Goal of the exercise.
The answer must be a single number: how many lines in the records below contain the word "subst".

(Exercise input Opens)

Lemma refl_dist_le_chordal (x y : sphere) : outside_disk x -> outside_disk y ->
  Cnorm (Csub (refl_in x) (refl_in y)) <= chordal x y.
Proof.
  intros Hx Hy. rewrite chordal_refl_in by auto.
  pose proof (refl_in_lt1 x Hx); pose proof (refl_in_lt1 y Hy).
  apply euclid_le_chordal; lra.
Qed.

(** The critical points in terms of the reflected point w = 1/conj(c).
    [side w] = 1 + |w|^2 + 4 Re w; [sum_of w] and [prod_of w] are the values
    of p + q and p q forced by the critical divisor 1, 1, 1/conj(w), w. *)
Definition side (w : Cx) : R := 1 + Cnorm2 w + 4 * fst w.
Definition sum_of (w : Cx) : Cx :=
  (3 * (2 * fst w + (1 + Cnorm2 w)) / side w, 6 * snd w / side w).
Definition prod_of (w : Cx) : Cx := (6 * fst w / side w, 6 * snd w / side w).

Definition crit_poly (w z : Cx) : Cx :=
  Cmul (Csub z C1) (Cmul (Csub z C1) (Cmul (Csub (Cmul (Cconj w) z) C1) (Csub z w))).

Definition wron_sm (s m z : Cx) : Cx :=
  let z2 := Cmul z z in let z3 := Cmul z2 z in let z4 := Cmul z3 z in
  Cadd (Cmul (Cconj m) z4) (Cadd (Cmul (Cof (-2)) (Cmul (Cconj s) z3))
   (Cadd (Cmul (Cof (3 + Cnorm2 s - Cnorm2 m)) z2) (Cadd (Cmul (Cof (-2)) (Cmul s z)) m))).

Lemma Bwron_sm (p q z : Cx) : Bwron p q z = wron_sm (Cadd p q) (Cmul p q) z.
Proof.
  destruct p, q, z. cbv [Bwron Bnum Bden Bnum' Bden' wron_sm]. cx. f_equal; ring.
Qed.

Lemma wron_sm_crit (w z : Cx) : side w <> 0 ->
  wron_sm (sum_of w) (prod_of w) z = Cmul (6 / side w, 0) (crit_poly w z).
Proof.
  intros H. destruct w, z. cbv [wron_sm sum_of prod_of crit_poly side] in *. cx.
  f_equal; field; auto.
Qed.

Definition divisor_prod (z : Cx) (l : list sphere) : Cx :=
  fold_right (fun a acc => Cmul (lin_factor z a) acc) C1 l.

Lemma divisor_prod_fin (z0 k z : Cx) : Cnorm2 z0 <> 0 ->
  Cmul k (divisor_prod z [Some C1; Some C1; Some z0; Some (Cinv (Cconj z0))])
  = Cmul (Cmul k z0) (crit_poly (Cinv (Cconj z0)) z).
Proof.
  intros H. destruct z0 as [a b], k, z. unfold divisor_prod, crit_poly; simpl. cx.
  f_equal; field; try split; auto; intros E; apply H; nra.
Qed.

Lemma divisor_prod_infty (k z : Cx) :
  Cmul k (divisor_prod z [Some C1; Some C1; None; Some C0]) = Cmul (Copp k) (crit_poly C0 z).
Proof. destruct k, z. unfold divisor_prod, crit_poly; simpl. cx. f_equal; ring. Qed.

Lemma crit_divisor_poly (p q : Cx) (c : sphere) : outside_disk c ->
  crit_divisor p q [Some C1; Some C1; c; reflect c] ->
  exists K, K <> C0 /\ forall z, Bwron p q z = Cmul K (crit_poly (refl_in c) z).
Proof.
  intros Ho [_ [k [Hk HW]]]. destruct c as [z0|]; simpl in *.
  - apply Cnorm_gt1 in Ho. exists (Cmul k z0). split.
    + intros E. destruct (Cmul_eq0 _ _ E); auto. subst; cx; lra.
    + intros z. rewrite HW. apply (divisor_prod_fin z0 k z). lra.
  - exists (Copp k). split.
    + intros E; apply Hk. destruct k; cx. injection E; intros; f_equal; lra.
    + intros z. rewrite HW. apply (divisor_prod_infty k z).
Qed.

Lemma quartic_zero (a0 a1 a2 a3 a4 : R) :
  (forall t, a0 + a1 * t + a2 * (t * t) + a3 * (t * t * t) + a4 * (t * t * t * t) = 0) ->
  a0 = 0 /\ a1 = 0 /\ a2 = 0 /\ a3 = 0 /\ a4 = 0.
Proof.
  intros H. pose proof (H 0); pose proof (H 1); pose proof (H (-1));
    pose proof (H 2); pose proof (H (-2)). lra.
Qed.

Lemma crit_coeffs (s1 s2 m1 m2 k1 k2 x y : R) :
  (forall t, wron_sm (s1, s2) (m1, m2) (t, 0) = Cmul (k1, k2) (crit_poly (x, y) (t, 0))) ->
  let N := 1 + (x * x + y * y) in
  k2 = 0 /\ m1 = k1 * x /\ m2 = k1 * y /\ 2 * s1 = k1 * (2 * x + N) /\ s2 = k1 * y /\
  3 + (s1 * s1 + s2 * s2) - (m1 * m1 + m2 * m2) = 2 * k1 * (x + N).
Proof.
  intros H N.
  assert (Re : forall t, (m1 - (k1 * x - k2 * y))
     + (-2 * s1 + (k1 * (2 * x + N) - 2 * k2 * y)) * t
     + ((3 + (s1 * s1 + s2 * s2) - (m1 * m1 + m2 * m2)) - k1 * (2 * x + 2 * N)) * (t * t)
     + (-2 * s1 + (k1 * (N + 2 * x) + 2 * k2 * y)) * (t * t * t)
     + (m1 - (k1 * x + k2 * y)) * (t * t * t * t) = 0).
  { intros t. pose proof (f_equal fst (H t)) as E.
    unfold N. cbv [wron_sm crit_poly] in E. cx. lra. }
  assert (Im : forall t, (m2 - (k1 * y + k2 * x))
     + (-2 * s2 + (k2 * (2 * x + N) + 2 * k1 * y)) * t
     + (0 - k2 * (2 * x + 2 * N)) * (t * t)
     + (2 * s2 + (k2 * (N + 2 * x) - 2 * k1 * y)) * (t * t * t)
     + (-m2 - (k2 * x - k1 * y)) * (t * t * t * t) = 0).
  { intros t. pose proof (f_equal snd (H t)) as E.
    unfold N. cbv [wron_sm crit_poly] in E. cx. lra. }
  apply quartic_zero in Re, Im.
  assert (k2 = 0).
  { destruct Im as [_ [_ [E _]]]. assert (2 * x + 2 * N > 0) by (unfold N; nra). nra. }
  subst k2. lra.
Qed.

(** If the Wronskian is a nonzero multiple of [crit_poly w], then p + q and
    p q are [sum_of w] and [prod_of w].  Comparing coefficients leaves two
    branches; the second one forces p = 1 or q = 1. *)
Lemma crit_poly_params (p q w K : Cx) : p <> C1 -> q <> C1 -> K <> C0 ->
  (forall z, Bwron p q z = Cmul K (crit_poly w z)) ->
  side w <> 0 /\ Cadd p q = sum_of w /\ Cmul p q = prod_of w.
Proof.
  intros Hp1 Hq1 HK HW.
  destruct w as [x y], K as [k1 k2], p as [p1 p2], q as [q1 q2].
  assert (HW' : forall t, wron_sm (p1 + q1, p2 + q2) (p1 * q1 - p2 * q2, p1 * q2 + p2 * q1) (t, 0)
                         = Cmul (k1, k2) (crit_poly (x, y) (t, 0))).
  { intros t. rewrite <- HW, Bwron_sm. reflexivity. }
  destruct (crit_coeffs _ _ _ _ _ _ _ _ HW') as [E0 [E1 [E2 [E3 [E4 E5]]]]].
  set (N := 1 + (x * x + y * y)) in *. subst k2.
  assert (Branches : (side (x, y) * k1 - 6) * (N * k1 - 2) = 0).
  { unfold side, Cnorm2, N in *; simpl in *. rewrite E1, E2, E4 in E5.
    replace (p1 + q1) with (k1 * (2 * x + (1 + (x * x + y * y))) / 2) in E5 by lra. nra. }
  destruct (Rmult_integral _ _ Branches) as [B|B].
  - assert (HD : side (x, y) <> 0) by (intros D; rewrite D in B; lra).
    assert (Hk : k1 = 6 / side (x, y)) by (replace 6 with (side (x, y) * k1) by lra; field; auto).
    split; auto. subst k1. unfold sum_of, prod_of; cx.
    replace (1 + (x * x + y * y)) with N by reflexivity.
    split; f_equal; lra.
  - exfalso.
    assert (Z : Cmul (Csub C1 (p1, p2)) (Csub C1 (q1, q2)) = C0).
    { cx. f_equal; nra. }
    destruct (Cmul_eq0 _ _ Z) as [Z1|Z1]; [apply Hp1|apply Hq1]; cx;
      injection Z1; intros; f_equal; lra.
Qed.

Lemma is_Phi_params (p q : Cx) (c : sphere) : p <> C1 -> q <> C1 -> is_Phi p q c ->
  side (refl_in c) <> 0 /\ Cadd p q = sum_of (refl_in c) /\ Cmul p q = prod_of (refl_in c).
Proof.
  intros Hp Hq [Ho Hcd].
  destruct (crit_divisor_poly p q c Ho Hcd) as [K [HK HW]].
  exact (crit_poly_params p q _ K Hp Hq HK HW).
Qed.

Lemma params_is_Phi (p q w : Cx) : Cnorm2 w < 1 -> side w <> 0 ->
  Cadd p q = sum_of w -> Cmul p q = prod_of w -> is_Phi p q (refl_out w).
Proof.
  intros Hw HD Hs Hm. split; [apply refl_out_outside; auto|].
  rewrite reflect_refl_in, refl_in_out. split; [reflexivity|].
  set (k := (6 / side w, 0)).
  assert (HK : forall z, Bwron p q z = Cmul k (crit_poly w z))
    by (intros z; rewrite Bwron_sm, Hs, Hm; apply wron_sm_crit; auto).
  assert (Hk : k <> C0).
  { unfold k; intros E. injection E. intros E1. unfold Rdiv in E1.
    apply Rmult_integral in E1. destruct E1 as [E1|E1]; [lra|].
    apply (Rinv_neq_0_compat (side w)); auto. }
  unfold refl_out. destruct (Req_EM_T (Cnorm2 w) 0) as [e|e].
  - apply Cnorm2_eq0 in e. subst w. exists (Copp k). split.
    + intros E. apply Hk. destruct k; cx. injection E; intros; f_equal; lra.
    + intros z. rewrite HK. change (fold_right _ _ _) with (divisor_prod z [Some C1; Some C1; None; Some C0]).
      rewrite divisor_prod_infty. destruct k; cx. f_equal; f_equal; ring.
  - set (z0 := Cinv (Cconj w)).
    assert (Hz0 : Cnorm2 z0 <> 0)
      by (unfold z0; rewrite Cnorm2_inv_conj by auto; apply Rinv_neq_0_compat; auto).
    exists (Cmul k (Cconj w)). split.
    + intros E. destruct (Cmul_eq0 _ _ E) as [E1|E1]; auto.
      apply e. destruct w; cx. injection E1; intros; nra.
    + intros z. rewrite HK.
      change (fold_right _ _ _) with (divisor_prod z [Some C1; Some C1; Some z0; Some w]).
      replace (Some w) with (Some (Cinv (Cconj z0))) by (unfold z0; rewrite inv_conj_invol; auto).
      rewrite divisor_prod_fin by auto.
      unfold z0. rewrite (inv_conj_invol w) by auto. f_equal.
      rewrite Cinv_conj_eq. destruct w as [x y], k. cx. f_equal; field; auto.
Qed.

(** For s = p + q and m = p q,
    |s^2 - 4m|^2 - (2 + 2|m|^2 - |s|^2)^2 = -4 (|p|^2 - 1)(|q|^2 - 1) |1 - p conj(q)|^2,
    while for (s, m) = ([sum_of w], [prod_of w]) it equals 32 |1 - w|^6 / side(w)^3.
    Comparing signs: p and q are on opposite sides of the unit circle exactly
    when side(w) > 0. *)
Definition disc_defect (s m : Cx) : R :=
  Cnorm2 (Csub (Cmul s s) (Cmul (Cof 4) m)) - (2 + 2 * Cnorm2 m - Cnorm2 s) ^ 2.

Lemma disc_defect_roots (p q : Cx) :
  disc_defect (Cadd p q) (Cmul p q)
  = -4 * ((Cnorm2 p - 1) * (Cnorm2 q - 1)) * Cnorm2 (Csub C1 (Cmul p (Cconj q))).
Proof. destruct p, q. unfold disc_defect; cx. ring. Qed.

Lemma disc_defect_crit (w : Cx) : side w <> 0 ->
  disc_defect (sum_of w) (prod_of w) * side w ^ 4 = 32 * side w * Cnorm2 (Csub C1 w) ^ 3.
Proof. intros H. destruct w. unfold disc_defect, sum_of, prod_of, side in *; cx. field. auto. Qed.

Lemma disc_sign (p q w : Cx) : Cnorm2 w < 1 -> side w <> 0 ->
  Cadd p q = sum_of w -> Cmul p q = prod_of w ->
  (Cnorm2 p - 1) * (Cnorm2 q - 1) * side w < 0.
Proof.
  intros Hw HD Hs Hm.
  pose proof (disc_defect_crit w HD) as G. rewrite <- Hs, <- Hm, disc_defect_roots in G.
  set (E := (Cnorm2 p - 1) * (Cnorm2 q - 1)) in *.
  set (F := Cnorm2 (Csub C1 (Cmul p (Cconj q)))) in *.
  set (L := Cnorm2 (Csub C1 w)) in *. set (D := side w) in *.
  assert (HF : 0 <= F) by apply Cnorm2_nonneg.
  assert (HL : L > 0).
  { unfold L. destruct w as [x y]; cx. nra. }
  assert (HL3 : L ^ 3 > 0) by (apply pow_lt; auto).
  assert (HD2 : D * D > 0) by (apply Rsqr_pos_lt in HD; unfold Rsqr in HD; auto).
  assert (HX : (E * D) * (F * D ^ 4) = -8 * (D * D) * L ^ 3).
  { replace (E * D * (F * D ^ 4)) with ((-4 * E * F * D ^ 4) * D * / (-4)) by field.
    rewrite G. field. }
  assert (0 <= F * D ^ 4)
    by (apply Rmult_le_pos; auto; replace (D ^ 4) with ((D * D) * (D * D)) by ring; nra).
  nra.
Qed.

Lemma side_pos (p q w : Cx) : Cnorm2 p > 1 -> Cnorm2 q < 1 -> Cnorm2 w < 1 -> side w <> 0 ->
  Cadd p q = sum_of w -> Cmul p q = prod_of w -> side w > 0.
Proof.
  intros Hp Hq Hw HD Hs Hm. pose proof (disc_sign p q w Hw HD Hs Hm) as S.
  assert (Hpq : (Cnorm2 p - 1) * (Cnorm2 q - 1) < 0) by (apply Rmult_pos_neg; lra).
  destruct (Rle_lt_dec (side w) 0) as [Hle|]; [|lra].
  exfalso. revert S Hpq Hle. generalize ((Cnorm2 p - 1) * (Cnorm2 q - 1)) (side w). intros. nra.
Qed.

Lemma Csqrt_ex (z : Cx) : exists d, Cmul d d = z.
Proof.
  destruct z as [a b].
  set (r := sqrt (a * a + b * b)).
  assert (Hr : r * r = a * a + b * b) by (apply sqrt_sqrt; nra).
  assert (Hr0 : 0 <= r) by apply sqrt_pos.
  assert (Ha : Rabs a <= r)
    by (unfold r; rewrite <- sqrt_Rsqr_abs; apply sqrt_le_1_alt; unfold Rsqr; nra).
  assert (Ha' : - r <= a <= r)
    by (pose proof (Rle_abs a); pose proof (Rle_abs (- a)); rewrite Rabs_Ropp in *; split; lra).
  set (d1 := sqrt ((r + a) / 2)). set (d2 := sqrt ((r - a) / 2)).
  assert (H1 : d1 * d1 = (r + a) / 2) by (apply sqrt_sqrt; lra).
  assert (H2 : d2 * d2 = (r - a) / 2) by (apply sqrt_sqrt; lra).
  assert (H12 : d1 * d2 = Rabs b / 2).
  { unfold d1, d2. rewrite <- sqrt_mult_alt by lra.
    replace ((r + a) / 2 * ((r - a) / 2)) with ((b / 2) * (b / 2)) by (field_simplify; nra).
    replace (Rabs b / 2) with (Rabs (b / 2))
      by (unfold Rdiv; rewrite Rabs_mult, (Rabs_right (/ 2)); lra).
    rewrite <- sqrt_Rsqr_abs. reflexivity. }
  destruct (Rle_dec 0 b) as [Hb|Hb].
  - exists (d1, d2). cx. rewrite Rabs_right in H12 by lra. f_equal; nra.
  - exists (d1, - d2). cx. rewrite Rabs_left in H12 by lra. f_equal; nra.
Qed.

(Exercise input Closes)

Problem solution.
5